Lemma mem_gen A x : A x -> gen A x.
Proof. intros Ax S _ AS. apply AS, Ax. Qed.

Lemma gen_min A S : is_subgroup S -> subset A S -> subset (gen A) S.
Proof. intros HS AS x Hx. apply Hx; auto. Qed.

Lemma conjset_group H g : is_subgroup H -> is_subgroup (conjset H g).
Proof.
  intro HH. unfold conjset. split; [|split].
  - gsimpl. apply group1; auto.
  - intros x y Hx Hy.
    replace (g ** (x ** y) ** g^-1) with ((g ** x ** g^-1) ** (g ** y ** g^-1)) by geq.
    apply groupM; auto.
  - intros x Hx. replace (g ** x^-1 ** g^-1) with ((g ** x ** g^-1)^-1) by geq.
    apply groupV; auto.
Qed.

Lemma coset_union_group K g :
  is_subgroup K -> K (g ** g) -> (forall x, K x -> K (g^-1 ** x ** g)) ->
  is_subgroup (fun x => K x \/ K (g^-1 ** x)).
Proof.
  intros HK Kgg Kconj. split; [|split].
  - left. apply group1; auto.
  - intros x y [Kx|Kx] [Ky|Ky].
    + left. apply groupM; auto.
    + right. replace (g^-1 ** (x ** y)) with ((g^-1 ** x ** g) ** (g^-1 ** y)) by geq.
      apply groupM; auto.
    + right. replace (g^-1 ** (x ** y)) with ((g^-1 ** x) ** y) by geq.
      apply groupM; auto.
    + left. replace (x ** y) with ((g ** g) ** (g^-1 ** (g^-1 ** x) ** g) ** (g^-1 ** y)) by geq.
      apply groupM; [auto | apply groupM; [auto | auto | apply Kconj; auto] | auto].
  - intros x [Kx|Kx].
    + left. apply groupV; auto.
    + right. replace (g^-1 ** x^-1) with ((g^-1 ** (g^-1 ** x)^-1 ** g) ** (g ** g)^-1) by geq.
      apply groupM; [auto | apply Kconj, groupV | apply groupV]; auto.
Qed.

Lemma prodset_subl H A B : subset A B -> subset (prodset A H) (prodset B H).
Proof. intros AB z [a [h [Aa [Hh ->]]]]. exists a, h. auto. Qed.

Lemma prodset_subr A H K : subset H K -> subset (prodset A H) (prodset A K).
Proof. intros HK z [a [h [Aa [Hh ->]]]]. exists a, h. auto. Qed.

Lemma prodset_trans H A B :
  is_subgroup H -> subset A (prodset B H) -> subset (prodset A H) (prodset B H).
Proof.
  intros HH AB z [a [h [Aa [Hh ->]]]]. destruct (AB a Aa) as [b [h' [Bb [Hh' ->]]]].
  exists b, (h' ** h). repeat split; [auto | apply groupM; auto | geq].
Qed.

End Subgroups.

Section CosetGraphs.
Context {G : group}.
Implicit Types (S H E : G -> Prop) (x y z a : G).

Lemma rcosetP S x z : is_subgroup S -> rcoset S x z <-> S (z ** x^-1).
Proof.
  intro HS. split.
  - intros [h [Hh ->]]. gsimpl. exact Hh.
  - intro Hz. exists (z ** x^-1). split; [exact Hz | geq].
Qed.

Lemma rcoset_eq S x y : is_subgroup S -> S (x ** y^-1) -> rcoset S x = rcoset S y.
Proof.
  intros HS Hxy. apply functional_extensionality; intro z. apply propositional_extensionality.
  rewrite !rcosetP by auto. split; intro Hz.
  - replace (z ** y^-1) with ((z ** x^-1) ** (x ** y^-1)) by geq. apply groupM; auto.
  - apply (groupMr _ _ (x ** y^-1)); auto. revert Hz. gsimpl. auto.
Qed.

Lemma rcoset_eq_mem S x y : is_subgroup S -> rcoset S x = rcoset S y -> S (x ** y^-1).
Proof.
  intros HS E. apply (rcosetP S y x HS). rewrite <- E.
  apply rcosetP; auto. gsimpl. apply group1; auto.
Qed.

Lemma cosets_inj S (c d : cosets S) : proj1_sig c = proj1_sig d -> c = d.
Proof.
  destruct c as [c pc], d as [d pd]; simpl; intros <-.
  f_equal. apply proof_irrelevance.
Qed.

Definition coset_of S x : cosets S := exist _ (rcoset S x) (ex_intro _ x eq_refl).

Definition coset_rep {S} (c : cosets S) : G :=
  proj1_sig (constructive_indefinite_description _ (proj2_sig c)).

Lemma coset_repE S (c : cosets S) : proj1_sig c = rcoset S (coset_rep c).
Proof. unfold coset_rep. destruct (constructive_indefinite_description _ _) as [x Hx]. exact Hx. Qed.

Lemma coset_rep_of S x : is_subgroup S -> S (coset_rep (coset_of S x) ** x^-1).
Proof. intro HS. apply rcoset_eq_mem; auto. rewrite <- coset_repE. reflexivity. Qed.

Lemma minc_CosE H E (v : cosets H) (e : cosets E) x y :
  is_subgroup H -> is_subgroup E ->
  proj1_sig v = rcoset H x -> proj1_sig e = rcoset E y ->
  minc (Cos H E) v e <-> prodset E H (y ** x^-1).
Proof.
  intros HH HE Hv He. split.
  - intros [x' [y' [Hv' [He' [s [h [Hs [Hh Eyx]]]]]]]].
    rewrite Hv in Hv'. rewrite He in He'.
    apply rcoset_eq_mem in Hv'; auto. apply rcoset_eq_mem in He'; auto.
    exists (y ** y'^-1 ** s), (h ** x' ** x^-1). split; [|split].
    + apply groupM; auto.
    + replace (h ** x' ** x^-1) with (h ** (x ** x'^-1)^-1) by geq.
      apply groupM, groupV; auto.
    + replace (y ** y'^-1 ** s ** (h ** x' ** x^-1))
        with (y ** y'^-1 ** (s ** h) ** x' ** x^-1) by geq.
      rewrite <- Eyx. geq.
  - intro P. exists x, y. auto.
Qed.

================

▶ Your instructions: Which lines in the material contain the word "subset"? Pull each of them out.

▶ Answer below:
Lemma gen_min A S : is_subgroup S -> subset A S -> subset (gen A) S.
Lemma prodset_subl H A B : subset A B -> subset (prodset A H) (prodset B H).
Lemma prodset_subr A H K : subset H K -> subset (prodset A H) (prodset A K).
  is_subgroup H -> subset A (prodset B H) -> subset (prodset A H) (prodset B H).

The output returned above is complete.